Stored items from a collection:
*-*-*

(* The centre of a circle through three points of S with k - 1 or k - 2 points of S inside it
   is a vertex of V_k(S), every vertex arises this way, and distinct such circles have
   distinct centres (concentric ones differ by at least three inside points, and no four points
   are cocircular); so v_k = c_(k-1) + c_(k-2), where c_j counts the circles through three points
   of S with exactly j points of S inside.
   Counting pairs of such a circle and an (m+3)-subset Q containing its three points shows that
   the binomial moments sum_j C(j,m) (c_j + c_(n-3-j)) equal C(n, m+3) times the number of
   circles through three points of Q containing none or all of the other points of Q.  That
   number is 2|Q| - 4: order Q in a generic direction and invert at a point a of Q that is not
   extreme; the circles through a become lines, and among the lines through an inverted point
   above a and one below a, exactly one has all other inverted points on its left and exactly one
   has them all on its right (the two edges of their convex hull that cross the axis).  The moment
   transform being invertible, c_j + c_(n-3-j) = 2 (j+1) (n-2-j), and the formula follows. *)

From HB Require Import structures.
From mathcomp Require Import all_boot all_order all_algebra.
From mathcomp Require Import reals.
From mathcomp Require Import ring lra zify.
Set Implicit Arguments. Unset Strict Implicit. Unset Printing Implicit Defensive.
Import Order.TTheory GRing.Theory Num.Theory.
Local Open Scope ring_scope.

Section SupportingLines.
Variable R : realType.
Notation pt := (R * R)%type.

Definition orient (p q r : pt) : R :=
  (q.1 - p.1) * (r.2 - p.2) - (q.2 - p.2) * (r.1 - p.1).

Lemma orient_pqp p q : orient p q p = 0. Proof. by rewrite /orient; ring. Qed.
Lemma orient_pqq p q : orient p q q = 0. Proof. by rewrite /orient; ring. Qed.

Variables (I : finType) (J : {set I}) (w : I -> pt).

Definition crossing : {set I * I} :=
  [set bc | [&& bc.1 \in J, bc.2 \in J, 0 < (w bc.1).2 & (w bc.2).2 < 0]].

(* The abscissa at which the line through [w b] and [w c] meets the x-axis. *)
Definition axis_cut (b c : I) : R :=
  ((w c).1 * (w b).2 - (w b).1 * (w c).2) / ((w b).2 - (w c).2).

Definition supports_left (b c : I) : bool :=
  [forall d, (d \in J) && (d != b) && (d != c) ==> (0 < orient (w b) (w c) (w d))].
Definition supports_right (b c : I) : bool :=
  [forall d, (d \in J) && (d != b) && (d != c) ==> (orient (w b) (w c) (w d) < 0)].

Lemma axis_cutB b c b' c' : (b, c) \in crossing -> (b', c') \in crossing ->
  axis_cut b' c' - axis_cut b c =
  ((- (w c').2) * orient (w b) (w c) (w b') + (w b').2 * orient (w b) (w c) (w c'))
  / (((w b).2 - (w c).2) * ((w b').2 - (w c').2)).
Proof.
rewrite !inE /= => /and4P [_ _ hb hc] /and4P [_ _ hb' hc'].
have nz1 : (w b).2 - (w c).2 != 0 by rewrite subr_eq0; apply/eqP => e; lra.
have nz2 : (w b').2 - (w c').2 != 0 by rewrite subr_eq0; apply/eqP => e; lra.
by rewrite /axis_cut /orient; field; rewrite nz1 nz2.
Qed.

Lemma crossing_denom_gt0 b c b' c' : (b, c) \in crossing -> (b', c') \in crossing ->
  0 < (((w b).2 - (w c).2) * ((w b').2 - (w c').2))^-1.
Proof.
rewrite !inE /= => /and4P [_ _ hb hc] /and4P [_ _ hb' hc'].
by rewrite invr_gt0 mulr_gt0 // subr_gt0 (lt_trans hc, lt_trans hc').
Qed.

Lemma supports_left_cut_lt b c b' c' : (b, c) \in crossing -> (b', c') \in crossing ->
  supports_left b c -> (b', c') != (b, c) -> axis_cut b c < axis_cut b' c'.
Proof.
move=> bcX bcX'; rewrite -subr_gt0 axis_cutB // pmulr_lgt0 ?crossing_denom_gt0 //.
move: bcX bcX'; rewrite !inE /= => /and4P [_ _ hb hc] /and4P [bJ' cJ' hb' hc'].
move=> /forallP left ne.
have orient_b' : b' != b -> 0 < orient (w b) (w c) (w b').
  move=> nb; have nc : b' != c by apply/eqP => e; move: hb'; rewrite e; lra.
  by have := left b'; rewrite bJ' nb nc.
have orient_c' : c' != c -> 0 < orient (w b) (w c) (w c').
  move=> nc; have nb : c' != b by apply/eqP => e; move: hc'; rewrite e; lra.
  by have := left c'; rewrite cJ' nb nc.
have [eb|nb] := eqVneq b' b.
  have nc : c' != c by apply: contraNneq ne => ->; rewrite eb.
  by rewrite eb orient_pqp mulr0 add0r; apply: mulr_gt0; [lra | exact: orient_c'].
have [ec|nc] := eqVneq c' c.
  by rewrite ec orient_pqq mulr0 addr0; have := orient_b' nb; nra.
by have := orient_b' nb; have := orient_c' nc; nra.
Qed.
Lemma commutator_site_bs a y :
  b ^+ a.+1 * bs ^+ y * bs - bs * (b ^+ a.+1 * bs ^+ y)
  = (1 - q ^+ (2 * a.+1)) *: (t * b ^+ a * bs ^+ y).
Proof.
rewrite -mulrA -(commrX y (commr_refl bs)) !mulrA -mulrBl !scalerAl; congr (_ * _).
rewrite mul_bX_bs exprS mulrA bs_b -mulrBl; congr (_ * _).
by rewrite scalerBl scale1r opprB addrC addrA subrK.
Qed.

Lemma defect_site_bs a y :
  b ^+ a * bs ^+ y - b * (b ^+ a * bs ^+ y) * bs
  = q ^+ (2 * a.+1) *: (t * b ^+ a * bs ^+ y).
Proof.
have -> : b * (b ^+ a * bs ^+ y) * bs = b ^+ a.+1 * bs * bs ^+ y.
  by rewrite -!mulrA (commrX y (commr_refl bs)) !mulrA -exprS.
rewrite -mulrBl !scalerAl; congr (_ * _).
by rewrite mul_bX_bs mulrBl mul1r opprB addrC subrK.
Qed.
End SiteCalculus.

Section Transfer.
Context {F : fieldType} {R : algType F}.

(* [X * (Y * W)] and [X' * (Y' * W)] stand for the monomials of [alpha + e_m] and [alpha],
   split into the factors at sites [m], [m + 1] and the remaining ones [W]. *)
Lemma commutator_b_transfer {bj bsj bm X X' Y Y' W Z : R} {c c' k : F} :
  GRing.comm bj X -> GRing.comm bj X' -> GRing.comm bj W -> GRing.comm bsj W ->
  bm * X' = X ->
  Y * bj - bj * Y = - ((1 - k) *: Z) -> Y' - bj * Y' * bsj = k *: Z ->
  c * (1 - k) = c' * k ->
  c *: (X * (Y * W) * bj - bj * (X * (Y * W)))
  = - (bm * (c' *: (X' * (Y' * W)) - bj * (c' *: (X' * (Y' * W))) * bsj)).
Proof.
move=> bj_X bj_X' bj_W bsj_W bm_X' Y_bj Y'_defect c_k.
have -> : X * (Y * W) * bj - bj * (X * (Y * W)) = X * ((Y * bj - bj * Y) * W).
  rewrite [in RHS]mulrBl mulrBr; congr (_ - _); first by rewrite -!mulrA bj_W.
  by rewrite !mulrA bj_X.
have -> : bj * (c' *: (X' * (Y' * W))) * bsj = c' *: (X' * ((bj * Y' * bsj) * W)).
  rewrite -scalerAr -scalerAl; congr (_ *: _).
  by rewrite -!mulrA bsj_W !mulrA bj_X'.
rewrite -scalerBr -mulrBr -mulrBl Y_bj Y'_defect.
rewrite mulNr -!scalerAl mulrN -!scalerAr [bm * _]mulrA bm_X' scalerN !scalerA.
by rewrite c_k.
Qed.

Lemma commutator_bs_transfer {bj bsj bsp W X X' Y Y' Z : R} {c c' k : F} :
  GRing.comm bsj W -> GRing.comm bsj Y -> GRing.comm bj W -> GRing.comm bsj Y' ->
  Y' * bsp = Y ->
  X * bsj - bsj * X = (1 - k) *: Z -> X' - bj * X' * bsj = k *: Z ->
  c * (1 - k) = c' * k ->
  c *: (W * (X * Y) * bsj - bsj * (W * (X * Y)))
  = (c' *: (W * (X' * Y')) - bj * (c' *: (W * (X' * Y'))) * bsj) * bsp.
Proof.
move=> bsj_W bsj_Y bj_W bsj_Y' Y'_bsp X_bsj X'_defect c_k.
have -> : W * (X * Y) * bsj - bsj * (W * (X * Y)) = W * ((X * bsj - bsj * X) * Y).
  rewrite [in RHS]mulrBl mulrBr; congr (_ - _); first by rewrite -!mulrA bsj_Y.
  by rewrite !mulrA bsj_W.
have -> : bj * (c' *: (W * (X' * Y'))) * bsj = c' *: (W * ((bj * X' * bsj) * Y')).
  rewrite -scalerAr -scalerAl; congr (_ *: _).
  by rewrite -!mulrA bsj_Y' !mulrA bj_W.
rewrite -scalerBr -mulrBr -mulrBl X_bsj X'_defect.
by rewrite -!scalerAl -!scalerAr -!scalerAl -!mulrA Y'_bsp !scalerA c_k.
Qed.
End Transfer.

Section SiteRelations.
Context {F : fieldType} {R : algType F} {q : F} {b bs N : R}.

Lemma site_products_of_commutators : 1 - q ^+ 2 != 0 ->
  b * bs - bs * b = (1 - q ^+ 2) *: N ^+ 2 ->
  b * bs - q ^+ 2 *: (bs * b) = (1 - q ^+ 2)%:A ->
  bs * b = 1 - N ^+ 2 /\ b * bs = 1 - q ^+ 2 *: N ^+ 2.
Proof.
move=> q2_neq1 commE mixedE.
have scaled : (1 - q ^+ 2) *: (bs * b) = (1 - q ^+ 2) *: (1 - N ^+ 2).
  have subrBB (x y z : R) : (x - z) - (x - y) = y - z.
    by rewrite opprB addrC addrA subrK.
  by rewrite scalerBr -commE -mixedE subrBB scalerBl scale1r.
have bs_b : bs * b = 1 - N ^+ 2.
  have := congr1 (fun v => (1 - q ^+ 2)^-1 *: v) scaled.
  by rewrite /= !scalerA mulVf // !scale1r.
split => //.
by rewrite -[b * bs](subrK (bs * b)) commE bs_b scalerBl scale1r addrC addrA subrK.
Qed.

Lemma qN2_commutations : q != 0 ->
  N * b = q^-1 *: (b * N) -> N * bs = q *: (bs * N) ->
  N ^+ 2 * bs = q ^+ 2 *: (bs * N ^+ 2) /\ b * N ^+ 2 = q ^+ 2 *: (N ^+ 2 * b).
Proof.
move=> q_neq0 N_b N_bs.
have b_N : b * N = q *: (N * b) by rewrite N_b scalerA mulfV // scale1r.
split.
  rewrite !expr2 -mulrA N_bs -scalerAr [N * (bs * N)]mulrA N_bs -scalerAl scalerA.
  by rewrite -mulrA.
rewrite !expr2 [b * (N * N)]mulrA b_N -scalerAl -[N * b * N]mulrA b_N -scalerAr scalerA.
by rewrite mulrA.
Qed.
End SiteRelations.

Section QMinus.
Context {A : algType Kq} {n : nat} {b bs qN qNi : nat -> A}.

Definition prev_site i := if i == 1%N then n else i.-1.
Definition next_site i := if i == n then 1%N else i.+1.

Section Sites.
Context {i : nat}.
Hypothesis i_site : (1 <= i <= n)%N.

Lemma prev_site_range : (1 <= prev_site i <= n)%N.
Proof.
by move: i_site; rewrite /prev_site; case: eqP => ? /andP [? ?]; apply/andP; split; lia.
Qed.

Lemma next_site_range : (1 <= next_site i <= n)%N.
Proof.
by move: i_site; rewrite /next_site; case: eqP => ? /andP [? ?]; apply/andP; split; lia.
Qed.

Lemma prev_next_site : prev_site (next_site i) = i.
Proof.
move: i_site; rewrite /next_site; case: (i =P n) => [->|?]; first by rewrite /prev_site eqxx.
by rewrite /prev_site; case: eqP => ? //; lia.
Qed.

Lemma next_prev_site : next_site (prev_site i) = i.
Proof.
move: i_site; rewrite /prev_site; case: (i =P 1%N) => [->|?]; first by rewrite /next_site eqxx.
by rewrite /next_site; case: eqP => ? //; lia.
Qed.

Lemma next_site_neq : (1 < n)%N -> next_site i != i.
Proof. by move: i_site; rewrite /next_site; case: (i =P n) => ? /andP [? ?] ?; lia. Qed.

Lemma prev_site_neq : (1 < n)%N -> prev_site i != i.
Proof. by move: i_site; rewrite /prev_site; case: (i =P 1%N) => ? /andP [? ?] ?; lia. Qed.
End Sites.

Lemma prev_site_inj i k : (1 <= i <= n)%N -> (1 <= k <= n)%N ->
  prev_site i = prev_site k -> i = k.
Proof. by rewrite /prev_site; do 2 case: eqP => ? //; lia. Qed.

Hypothesis n_gt0 : (0 < n)%N.
Hypothesis hrel : qboson_rel n b bs qN qNi.

Lemma mem_sites i : (i \in rev (iota 1 n)) = (1 <= i <= n)%N.
Proof. by rewrite mem_rev mem_iota add1n ltnS. Qed.

Definition qN2 i := qN i ^+ 2.

Lemma site_relations {i} : (1 <= i <= n)%N ->
  [/\ bs i * b i = 1 - qN2 i, b i * bs i = 1 - qq ^+ 2 *: qN2 i,
      qN2 i * bs i = qq ^+ 2 *: (bs i * qN2 i) & b i * qN2 i = qq ^+ 2 *: (qN2 i * b i)].
Proof.
move=> i_site; case: hrel => _ [_ qN_gen comm_gen mixed_gen _].
have [qN_b qN_bs] := qN_gen i i i_site i_site; rewrite eqxx in qN_b qN_bs.
have commE := comm_gen i i i_site i_site; rewrite eqxx in commE.
have q2_neq1 : 1 - qq ^+ 2 != 0 by rewrite subr_eq0 eq_sym qqX_neq1.
have qq_neq0 : qq != 0 by rewrite /qq tofrac_eq0 polyX_eq0.
have [? ?] := site_products_of_commutators q2_neq1 commE (mixed_gen i i_site).
by have [? ?] := qN2_commutations qq_neq0 qN_b qN_bs.
Qed.

Lemma comm_distinct_sites {i k x y} : (1 <= i <= n)%N -> (1 <= k <= n)%N -> i != k ->
  x \in [:: b i; bs i; qN i; qNi i] -> y \in [:: b k; bs k; qN k; qNi k] ->
  GRing.comm x y.
Proof.
move=> i_site k_site i_neq_k x_in y_in; case: hrel => _ [_ _ _ _ comm_sites].
exact: comm_sites x_in y_in.
Qed.

Definition part (s : seq nat) i := nth 0%N s i.-1.

Lemma part_incr_nth s k i : (0 < k)%N -> (0 < i)%N ->
  part (incr_nth s k.-1) i = ((k == i) + part s i)%N.
Proof. by rewrite /part nth_incr_nth; case: k => [|k] // _; case: i. Qed.

Definition site_monomial s i := b i ^+ part s i * bs i ^+ part s (prev_site i).
Definition monomial s := \prod_(i <- rev (iota 1 n)) site_monomial s i.

Lemma comm_site_monomial s {i k} : (1 <= i <= n)%N -> (1 <= k <= n)%N -> i != k ->
  [/\ GRing.comm (b i) (site_monomial s k), GRing.comm (bs i) (site_monomial s k)
    & GRing.comm (site_monomial s i) (site_monomial s k)].
Proof.
move=> i_site k_site i_neq_k.
have comm_ik := comm_distinct_sites i_site k_site i_neq_k.
have comm_b : GRing.comm (b i) (site_monomial s k).
  by apply: commrM; apply/commrX/comm_ik; rewrite !inE eqxx ?orbT.
have comm_bs : GRing.comm (bs i) (site_monomial s k).
  by apply: commrM; apply/commrX/comm_ik; rewrite !inE eqxx ?orbT.
split=> //; apply/commr_sym/commrM; exact/commrX/commr_sym.
Qed.

Lemma Qterm_monomial s : Qterm n b bs s = comp_coef s *: monomial s.
Proof.
rewrite /Qterm /monomial; congr (_ *: _).
have [N nE] : exists N, n = N.+1 by exists n.-1; rewrite prednK.
pose x i := b i ^+ part s i; pose y i := bs i ^+ part s (prev_site i).
rewrite nE [N.+1.-1]/=.
transitivity (x N.+1 * (\prod_(i <- rev (iota 1 N)) (y i.+1 * x i)) * y 1%N).
  congr (_ * _ * _); last by rewrite /y /part /prev_site eqxx nE.
  apply: eq_big_seq => i; rewrite mem_rev mem_iota => /andP [i_gt0 i_lt].
  rewrite /x /y (_ : prev_site i.+1 = i); last by rewrite /prev_site; case: i i_gt0 {i_lt}.
  have i_site : (1 <= i <= n)%N by rewrite nE i_gt0 ltnW.
  have iS_site : (1 <= i.+1 <= n)%N by rewrite nE.
  have comm_b_bsS : GRing.comm (b i) (bs i.+1).
    by apply: (comm_distinct_sites i_site iS_site); rewrite ?inE ?eqxx ?orbT // ltn_eqF.
  rewrite exprMn_comm //; apply: commrX; apply: commr_sym; apply: commrX.
  exact: commr_sym.
by rewrite (prod_rev_iota_shift x y).
Qed.

Lemma Qm_monomials r : Qm n b bs r = \sum_(s <- comps n r) comp_coef s *: monomial s.
Proof. by apply: eq_bigr => s _; exact: Qterm_monomial. Qed.

Lemma commutator_Qm x r :
  Qm n b bs r * x - x * Qm n b bs r
  = \sum_(s <- comps n r) comp_coef s *: (monomial s * x - x * monomial s).
Proof.
rewrite Qm_monomials mulr_suml mulr_sumr -sumrB; apply: eq_bigr => s _.
by rewrite scalerBr scalerAl scalerAr.
Qed.

Definition far_sites m := [seq i <- rev (iota 1 n) | (i != m) && (i != next_site m)].
Definition far_monomial s m := \prod_(i <- far_sites m) site_monomial s i.

Section TwoSites.
Variable m : nat.
Hypotheses (n_gt1 : (1 < n)%N) (m_site : (1 <= m <= n)%N).

Let next_site_m : (1 <= next_site m <= n)%N := next_site_range m_site.
Let m_neq_next : m != next_site m.
Proof. by rewrite eq_sym next_site_neq. Qed.

Lemma perm_sites_far : perm_eq (rev (iota 1 n)) (m :: next_site m :: far_sites m).
Proof.
apply: uniq_perm; first by rewrite rev_uniq iota_uniq.
  rewrite /= inE negb_or m_neq_next !mem_filter !eqxx /= andbF /=.
  by rewrite filter_uniq // rev_uniq iota_uniq.
move=> i; rewrite !inE mem_filter mem_sites.
case: (i =P m) => [->|_]; first by rewrite m_site.
by case: (i =P next_site m) => [->|_] /=; rewrite ?next_site_m ?andbF.
Qed.

Let perm_monomial s {l} : perm_eq (rev (iota 1 n)) l ->
  monomial s = \prod_(i <- l) site_monomial s i.
Proof.
move=> perm_l; apply: perm_big_comm => //; first by rewrite rev_uniq iota_uniq.
move=> i k; rewrite !mem_sites => i_site k_site i_neq_k.
by case: (comm_site_monomial s i_site k_site i_neq_k).
Qed.

Lemma monomial_split s : monomial s
  = site_monomial s m * (site_monomial s (next_site m) * far_monomial s m).
Proof. by rewrite (perm_monomial s perm_sites_far) !big_cons. Qed.

Lemma monomial_split_far_first s : monomial s
  = far_monomial s m * (site_monomial s m * site_monomial s (next_site m)).
Proof.
have perm_far : perm_eq (rev (iota 1 n)) (far_sites m ++ [:: m; next_site m]).
  by rewrite perm_sym perm_catC perm_sym; exact: perm_sites_far.
by rewrite (perm_monomial s perm_far) big_cat big_cons big_seq1.
Qed.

*-*-*

_What needs to be done_: Where does the string "such" appear in the records? Copy every line that holds it.

_Response to the task_:
   is a vertex of V_k(S), every vertex arises this way, and distinct such circles have
   Counting pairs of such a circle and an (m+3)-subset Q containing its three points shows that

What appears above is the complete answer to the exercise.